Splitting GPU resources can happens on a block-level concurrently with other tasks, or also be shared in the time-domain with time-slices between HyperLanes. Priority can be given to HyperLanes, such as prioritizing graphics over a possible background AI task using the remaining free resources.
The security advantages of such a technology also seem advanced, with the company use-cases such as isolation for protected content and rights management.
An interesting application of the technology is the synergy it allows between an A-Series GPU and the company’s in-house neural network accelerator IP. It would be able to share AI workloads between the two IP blocks, with the GPU for example handling the more programmable layers of a model while still taking advantage of the NNA’s efficiency for the fixed function fully connected layer processing.
Three Dozen Other Microarchitectural Improvements
The A-Series comes with other numerous microarchitectural advancements that are said to be advantageous to the GPU IP.
One such existing feature is the integration of a small dedicated CPU (which we understand to be RISC-V based) acting as a firmware processor, handling GPU management tasks that in other architectures might be still be handled by drivers on the host system CPU. The firmware processor approach is said to achieve more performant and efficient handling of various housekeeping tasks such as debugging, data logging, GPIO handling and even DVFS algorithms. In contrast as an example, DVFS for Arm Mali GPUs for example is still handled by the kernel GPU driver on the host CPUs.

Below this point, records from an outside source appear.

(* Let $V$ be a finite-dimensional super vector space over a field of characteristic $0$ and let $\omega:V\times V\to V$ be a bilinear map with $\omega(V_\alpha,V_\beta)\subseteq V_{\alpha+\beta}$. For $x\in V$ let $\mathrm{ad}_\omega(x)\in\mathfrak{gl}(V)$ be $\mathrm{ad}_\omega(x)(y)=\omega(x,y)$, and let $\mathcal{F}_\omega=\{\mathrm{ad}_\omega(x)+x: x\in V\}\subseteq\mathcal{E}=\mathfrak{gl}(V)\oplus V$. Then $(V,\omega)$ is a Lie superalgebra (with bracket $[x,y]=\omega(x,y)$) if and only if $\mathcal{F}_\omega=\mathcal{F}_\omega^{\perp}$ and $\mathcal{F}_\omega$ is closed under the bracket $[\![\cdot,\cdot]\!]$.
   Context: $\mathfrak{gl}(V)$: linear endomorphisms of $V$ with natural $\mathbb{Z}_2$-grading and supercommutator $[A,B]=AB-(-1)^{|A||B|}BA$. $\mathcal{E}=\mathfrak{gl}(V)\oplus V$ graded by $\mathcal{E}_\alpha=\mathfrak{gl}(V)_\alpha\oplus V_\alpha$, homogeneous elements $A+x$ with $|A|=|x|$. Bracket: $[\![A+x,B+y]\!]=[A,B]+\tfrac12(Ay-(-1)^{|x||y|}Bx)$; $V$-valued pairing: $\langle A+x,B+y\rangle=\tfrac12(Ay+(-1)^{|x||y|}Bx)$ (both extended bilinearly). For a subspace $F\subseteq\mathcal{E}$, $F^\perp=\{e\in\mathcal{E}:\langle e,f\rangle=0\ \forall f\in F\}$. A Lie superalgebra is a super vector space $L$ with bilinear bracket satisfying $[L_\alpha,L_\beta]\subseteq L_{\alpha+\beta}$, super skew-symmetry $[x,y]=-(-1)^{|x||y|}[y,x]$, and the super Jacobi identity $[x,[y,z]]=[[x,y],z]+(-1)^{|x||y|}[y,[x,z]]$ for homogeneous $x,y,z$. *)

From HB Require Import structures.
From mathcomp Require Import all_boot all_order all_algebra.
Set Implicit Arguments. Unset Strict Implicit. Unset Printing Implicit Defensive.
Import Order.TTheory GRing.Theory Num.Theory.
Local Open Scope ring_scope.

(* A finite-dimensional super vector space V = V_0 (+) V_1 over F is modelled
   as the product (V0 * V1) of two finite-dimensional F-vector spaces.
   Parities are booleans: false = 0 (even), true = 1 (odd). *)
Section Super.
Variables (F : fieldType) (V0 V1 : vectType F).
Local Notation V := (V0 * V1)%type.

Definition compV (a : bool) (v : V) : V := if a then (0, v.2) else (v.1, 0).
Definition is_hom (a : bool) (v : V) : Prop := compV a v = v.

Definition ssign (a b : bool) : F := if a && b then -1 else 1.

Definition compGL (a : bool) (A : V -> V) : V -> V :=
  fun v => \sum_(b : bool) compV (a (+) b) (A (compV b v)).

Definition scomm (A B : V -> V) : V -> V :=
  fun v => \sum_(a : bool) \sum_(b : bool)
     (compGL a A (compGL b B v) - ssign a b *: compGL b B (compGL a A v)).

Definition Elt := ((V -> V) * V)%type.
Definition inE (e : Elt) : Prop := linear e.1.

Definition Ebracket (e f : Elt) : Elt :=
  (scomm e.1 f.1,
   \sum_(a : bool) \sum_(b : bool)
     2%:R^-1 *: (compGL a e.1 (compV b f.2)
                 - ssign a b *: compGL b f.1 (compV a e.2))).

Definition Epair (e f : Elt) : V :=
  \sum_(a : bool) \sum_(b : bool)
     2%:R^-1 *: (compGL a e.1 (compV b f.2)
                 + ssign a b *: compGL b f.1 (compV a e.2)).

Definition adw (w : V -> V -> V) (x : V) : V -> V := fun y => w x y.
Definition inFw (w : V -> V -> V) (e : Elt) : Prop :=
  exists x : V, e.2 = x /\ forall v, e.1 v = adw w x v.

Definition inPerp (P : Elt -> Prop) (e : Elt) : Prop :=
  inE e /\ forall f, P f -> Epair e f = 0.

Definition IsLieSuperalgebra (w : V -> V -> V) : Prop :=
  [/\ (forall x, linear (w x)), (forall y, linear (fun x => w x y)),
      (forall a b x y, is_hom a x -> is_hom b y -> is_hom (a (+) b) (w x y)),
      (forall a b x y, is_hom a x -> is_hom b y -> w x y = - (ssign a b *: w y x)) &
      (forall a b c x y z, is_hom a x -> is_hom b y -> is_hom c z ->
         w x (w y z) = w (w x y) z + ssign a b *: w y (w x z))].

End Super.

From HB Require Import structures.
From mathcomp Require Import all_boot all_order all_algebra.
From Stdlib Require Import FunctionalExtensionality.
Import GRing.Theory.
Local Open Scope ring_scope.
Set Implicit Arguments. Unset Strict Implicit.

(* Write ad x for the operator y |-> w x y, so F_w = { ad x + x }.  Both the
   pairing and the bracket of E are defined componentwise on homogeneous
   parts, and the degree-a part of ad x is ad of the degree-a part of x
   (lemma compGL_adw).  Hence, for x_a, y_b homogeneous,
     <ad x_a + x_a, ad y_b + y_b> = 1/2 (w x_a y_b + (-1)^{ab} w y_b x_a),
     [[ad x + x, ad y + y]]       = [ad x, ad y] + 1/2 sum (w x_a y_b - (-1)^{ab} w y_b x_a).
   Since 2 is invertible, the first identity shows that F_w is isotropic iff
   w is super skew-symmetric; maximality (F_w^perp <= F_w) then also follows
   from skew-symmetry by pairing a general A + z against every ad y + y.
   Under skew-symmetry the V-part of the bracket is w x y, so closure of F_w
   under the bracket says [ad x, ad y] = ad (w x y), which is exactly the super
   Jacobi identity. *)

Section LinearFacts.
Variables (F : fieldType) (U W : lmodType F) (f : U -> W).
Hypothesis f_lin : linear f.

Lemma lin_add u v : f (u + v) = f u + f v.
Proof. by have := f_lin 1 u v; rewrite !scale1r. Qed.

Lemma lin0 : f 0 = 0.
Proof. by apply: (addIr (f 0)); rewrite -lin_add !add0r. Qed.

End LinearFacts.

Section Components.
Variables (F : fieldType) (V0 V1 : vectType F).
Local Notation V := (V0 * V1)%type.

Lemma compVK a b (v : V) : compV a (compV b v) = if a == b then compV b v else 0.
Proof. by case: a; case: b. Qed.

Lemma compV_split (v : V) : compV false v + compV true v = v.
Proof. by case: v => v1 v2 /=; rewrite /GRing.add /= /add_pair /= addr0 add0r. Qed.

Lemma compV_splitC (v : V) : compV true v + compV false v = v.
Proof. by rewrite addrC compV_split. Qed.

Lemma compVD a (u v : V) : compV a (u + v) = compV a u + compV a v.
Proof.
by case: a; case: u => ? ?; case: v => ? ? /=; rewrite /GRing.add /= /add_pair /= addr0.
Qed.

Lemma compV0 a : compV a (0 : V) = 0.
Proof. by case: a. Qed.

Lemma compV_hom a b (v : V) : is_hom a v -> compV b v = if b == a then v else 0.
Proof. by move=> v_hom; rewrite -{1}v_hom compVK v_hom. Qed.

Lemma compV_is_hom a (v : V) : is_hom a (compV a v).
Proof. by rewrite /is_hom compVK eqxx. Qed.

Local Arguments compV : simpl never.

Lemma compGL_hom A a b (v : V) : linear A ->
  compGL a A (compV b v) = compV (a (+) b) (A (compV b v)).
Proof.
move=> A_lin; rewrite /compGL big_bool /= !compVK.
by case: a; case: b => /=; rewrite ?(lin0 A_lin) ?compV0 ?addr0 ?add0r.
Qed.

Lemma compGL0 A a : linear A -> compGL a A (0 : V) = 0.
Proof. by move=> A_lin; rewrite /compGL big_bool /= !compV0 (lin0 A_lin) !compV0 addr0. Qed.

End Components.

Section GradedBilinear.
Variables (F : fieldType) (V0 V1 : vectType F).
Local Notation V := (V0 * V1)%type.
Variable w : V -> V -> V.
Hypothesis w_linl : forall y, linear (fun x => w x y).
Hypothesis w_linr : forall x, linear (w x).
Hypothesis w_graded : forall (a b : bool) (x y : V),
  is_hom a x -> is_hom b y -> is_hom (a (+) b) (w x y).

Local Arguments compV : simpl never.

Lemma wDl x x' y : w (x + x') y = w x y + w x' y. Proof. exact: (lin_add (w_linl y)). Qed.
Lemma wDr x y y' : w x (y + y') = w x y + w x y'. Proof. exact: (lin_add (w_linr x)). Qed.
Lemma w0l y : w 0 y = 0. Proof. exact: (lin0 (w_linl y)). Qed.
Lemma w0r x : w x 0 = 0. Proof. exact: (lin0 (w_linr x)). Qed.

Lemma w_expand x y : w x y = \sum_(a : bool) \sum_(b : bool) w (compV a x) (compV b y).
Proof. by rewrite !big_bool /= -!wDr !compV_splitC -wDl compV_splitC. Qed.

(* The degree-a component of ad x is ad of the degree-a component of x;
   this is where the grading of w is used. *)
Lemma compGL_adw a x v : compGL a (w x) v = w (compV a x) v.
Proof.
have w_deg c a' b' : compV c (w (compV a' x) (compV b' v)) =
    if c == a' (+) b' then w (compV a' x) (compV b' v) else 0.
  by apply: compV_hom; apply: w_graded; apply: compV_is_hom.
rewrite /compGL big_bool.
rewrite -[in w x (compV true v)](compV_split x) -[in w x (compV false v)](compV_split x).
rewrite !wDl !compVD !w_deg [RHS](w_expand (compV a x)) !big_bool !compVK.
by case: a => /=; rewrite ?w0l ?addr0 ?add0r // addrC.
Qed.

Definition super_skew := forall a b x y, is_hom a x -> is_hom b y ->
  w x y = - (ssign F a b *: w y x).

Definition super_jacobi := forall a b c x y z, is_hom a x -> is_hom b y -> is_hom c z ->
  w x (w y z) = w (w x y) z + ssign F a b *: w y (w x z).

Lemma skew_sign a b y z : super_skew ->
  ssign F a b *: w (compV b y) (compV a z) = - w (compV a z) (compV b y).
Proof.
move=> skew; rewrite (skew b a _ _ (compV_is_hom _ _) (compV_is_hom _ _)) scalerN scalerA.
by case: a; case: b; rewrite /ssign /= ?mulrNN ?mulr1 ?scale1r.
Qed.

Lemma jacobi_any : super_jacobi -> forall a b x y z, is_hom a x -> is_hom b y ->
  w x (w y z) = w (w x y) z + ssign F a b *: w y (w x z).
Proof.
move=> jac a b x y z x_hom y_hom; rewrite -[z]compV_split !wDr.
rewrite (jac a b false x y _ x_hom y_hom (compV_is_hom _ _)).
by rewrite (jac a b true x y _ x_hom y_hom (compV_is_hom _ _)) scalerDr addrACA.
Qed.

Lemma inFw_adw x : inFw w (w x, x).
Proof. by exists x. Qed.

Lemma inFwE (e : Elt V0 V1) : inFw w e -> exists x, e = (w x, x).
Proof.
case: e => A z [x [/= -> A_eq]]; exists x; congr (_, _).
by apply: functional_extensionality => v; rewrite A_eq.
Qed.

Lemma Epair_adw x y : Epair (w x, x) (w y, y) = \sum_(a : bool) \sum_(b : bool)
  2%:R^-1 *: (w (compV a x) (compV b y) + ssign F a b *: w (compV b y) (compV a x)).
Proof. by apply: eq_bigr => a _; apply: eq_bigr => b _; rewrite /= !compGL_adw. Qed.

Lemma Ebracket_adw_gl x y v : (Ebracket (w x, x) (w y, y)).1 v =
  \sum_(a : bool) \sum_(b : bool)
     (w (compV a x) (w (compV b y) v) - ssign F a b *: w (compV b y) (w (compV a x) v)).
Proof. by apply: eq_bigr => a _; apply: eq_bigr => b _; rewrite !compGL_adw. Qed.

Hypothesis two_neq0 : (2%:R : F) != 0.

Lemma half_eq0 (u : V) : 2%:R^-1 *: u = 0 -> u = 0.
Proof. by move=> hu; rewrite -[u]scale1r -(mulfV two_neq0) -scalerA hu scaler0. Qed.

Lemma half_double (u : V) : 2%:R^-1 *: (u + u) = u.
Proof. by rewrite -mulr2n -scaler_nat scalerA mulVf // scale1r. Qed.

Lemma Ebracket_adw_V x y : super_skew -> (Ebracket (w x, x) (w y, y)).2 = w x y.
Proof.
move=> skew; rewrite /Ebracket /= [RHS]w_expand.
apply: eq_bigr => a _; apply: eq_bigr => b _.
by rewrite !compGL_adw (skew_sign _ _ _ _ skew) opprK half_double.
Qed.

Lemma skew_Epair_adw : super_skew -> forall x y, Epair (w x, x) (w y, y) = 0.
Proof.
move=> skew x y; rewrite Epair_adw big1 // => a _; rewrite big1 // => b _.
by rewrite (skew a b _ _ (compV_is_hom _ _) (compV_is_hom _ _)) addrC subrr scaler0.
Qed.

Lemma Epair_adw_skew : (forall x y, Epair (w x, x) (w y, y) = 0) -> super_skew.
Proof.
move=> iso a b x y x_hom y_hom; have := iso x y.
rewrite Epair_adw !big_bool !(compV_hom _ x_hom) !(compV_hom _ y_hom).
case: a {x_hom}; case: b {y_hom} => /=; rewrite ?(w0l, w0r, scaler0, addr0, add0r);
  by move/half_eq0/eqP; rewrite addr_eq0 => /eqP.
Qed.

(* Maximality: under skew-symmetry, an element A + z orthogonal to F_w
   satisfies A = ad z.  Pairing against ad v_b + v_b isolates A v_b. *)
Lemma perp_is_adw : super_skew -> forall A z, linear A ->
  (forall y, Epair (A, z) (w y, y) = 0) -> forall v, A v = w z v.
Proof.
move=> skew A z A_lin perp v.
suff on_hom b : A (compV b v) = w z (compV b v).
  by rewrite -[v]compV_split (lin_add A_lin) wDr !on_hom.
have := perp (compV b v); rewrite /Epair /=.
under eq_bigr => a _ do under eq_bigr => b' _ do rewrite compGL_adw !compVK.
rewrite !big_bool.
case: b => /=; rewrite ?(compGL0 _ A_lin, w0l, scaler0, addr0, add0r)
  !(skew_sign _ _ _ _ skew) !(compGL_hom _ _ _ A_lin) /= -!scalerDr => /half_eq0/eqP;
  by rewrite addrACA -opprD -wDl subr_eq0 ?compV_split ?compV_splitC => /eqP.
Qed.

Lemma Fw_lagrangian_iff :
  (forall e : Elt V0 V1, inFw w e <-> inPerp (inFw w) e) <-> super_skew.
Proof.
split=> [lagr | skew e].
  apply: Epair_adw_skew => x y.
  by have [_ iso] := (lagr (w x, x)).1 (inFw_adw x); apply: iso (inFw_adw y).
split=> [/inFwE [x ->] | ].
  by split=> [|f /inFwE [y ->]]; [exact: w_linr | exact: skew_Epair_adw].
case: e => A z [A_lin perp]; exists z; split=> // v.
by apply: perp_is_adw => // y; apply: perp; apply: inFw_adw.
Qed.

Lemma jacobi_Ebracket_adw : super_skew -> super_jacobi -> forall x y v,
  (Ebracket (w x, x) (w y, y)).1 v = w (Ebracket (w x, x) (w y, y)).2 v.
Proof.
move=> skew jac x y v; rewrite Ebracket_adw_gl Ebracket_adw_V //.
transitivity (\sum_(a : bool) \sum_(b : bool) w (w (compV a x) (compV b y)) v).
  apply: eq_bigr => a _; apply: eq_bigr => b _.
  by rewrite (jacobi_any jac v (compV_is_hom a x) (compV_is_hom b y)) addrK.
by rewrite (w_expand x y) !big_bool /= !wDl.
Qed.

Lemma Ebracket_adw_jacobi : super_skew -> (forall x y v,
  (Ebracket (w x, x) (w y, y)).1 v = w (Ebracket (w x, x) (w y, y)).2 v) -> super_jacobi.
Proof.
move=> skew closed a b c x y z x_hom y_hom _; have := closed x y z.
rewrite Ebracket_adw_gl Ebracket_adw_V // !big_bool /= !(compV_hom _ x_hom) !(compV_hom _ y_hom).
case: a {x_hom}; case: b {y_hom} => /=; rewrite ?(w0l, w0r, scaler0, subr0, oppr0, addr0, add0r);
  by move=> <-; rewrite subrK.
Qed.

Lemma Fw_closed_iff : super_skew ->
  (forall e f : Elt V0 V1, inFw w e -> inFw w f -> inFw w (Ebracket e f)) <-> super_jacobi.
Proof.
move=> skew; split=> [closed | jac e f /inFwE [x ->] /inFwE [y ->]].
  apply: Ebracket_adw_jacobi => // x y v.
  by have [z [-> ->]] := closed _ _ (inFw_adw x) (inFw_adw y).
by exists (Ebracket (w x, x) (w y, y)).2; split=> // v; apply: jacobi_Ebracket_adw.
Qed.

End GradedBilinear.

Theorem mainTheorem3 (F : fieldType) (V0 V1 : vectType F)
  (charF0 : [pchar F] =i pred0)
  (w : (V0 * V1)%type -> (V0 * V1)%type -> (V0 * V1)%type)
  (w_linl : forall y, linear (fun x => w x y))
  (w_linr : forall x, linear (w x))
  (w_graded : forall (a b : bool) (x y : (V0 * V1)%type),
      is_hom a x -> is_hom b y -> is_hom (a (+) b) (w x y)) :
  IsLieSuperalgebra w <->
  ((forall e : Elt V0 V1, inFw w e <-> inPerp (inFw w) e) /\
   (forall e f : Elt V0 V1, inFw w e -> inFw w f -> inFw w (Ebracket e f))).
Proof.
have two_neq0 : (2%:R : F) != 0 by move/pcharf0P: charF0 => ->.
have lagr_iff := Fw_lagrangian_iff w_linl w_linr w_graded two_neq0.
split=> [[_ _ _ skew jac] | [lagr closed]].
  split; first exact/lagr_iff.
  by apply/(Fw_closed_iff w_linl w_linr w_graded two_neq0).
have skew : super_skew w by apply/lagr_iff.
split=> //; apply/(Fw_closed_iff w_linl w_linr w_graded two_neq0 skew).
exact: closed.
Qed.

An interesting new development feature that is enabled by profiling the GPU’s hardware counters through the firmware processor is creating tile heatmaps of execution resources used. This seems relatively banal, but isn’t something that’s readily available for software developers and could be extremely useful in terms of quick debugging and optimizations of 3D workloads thanks to a more visual approach.
PPA Projections - Significant, If Delivered
Moving on, the A-Series improvements don’t mean much if we can’t put them into context in the competitive landscape.
As mentioned in the introduction, Imagination seem aware of the current PPA deficit that GPU vendor IP offers versus custom designs by more vertically integrated SoC vendors.
Starting off with a comparison between current generation Qualcomm GPU against an Arm GPU. Imagination didn’t specifically mention which designs we’re talking about here, but we do clearly see from the die shots that the SoCs being compared are the Snapdragon 855 and the Exynos 9820.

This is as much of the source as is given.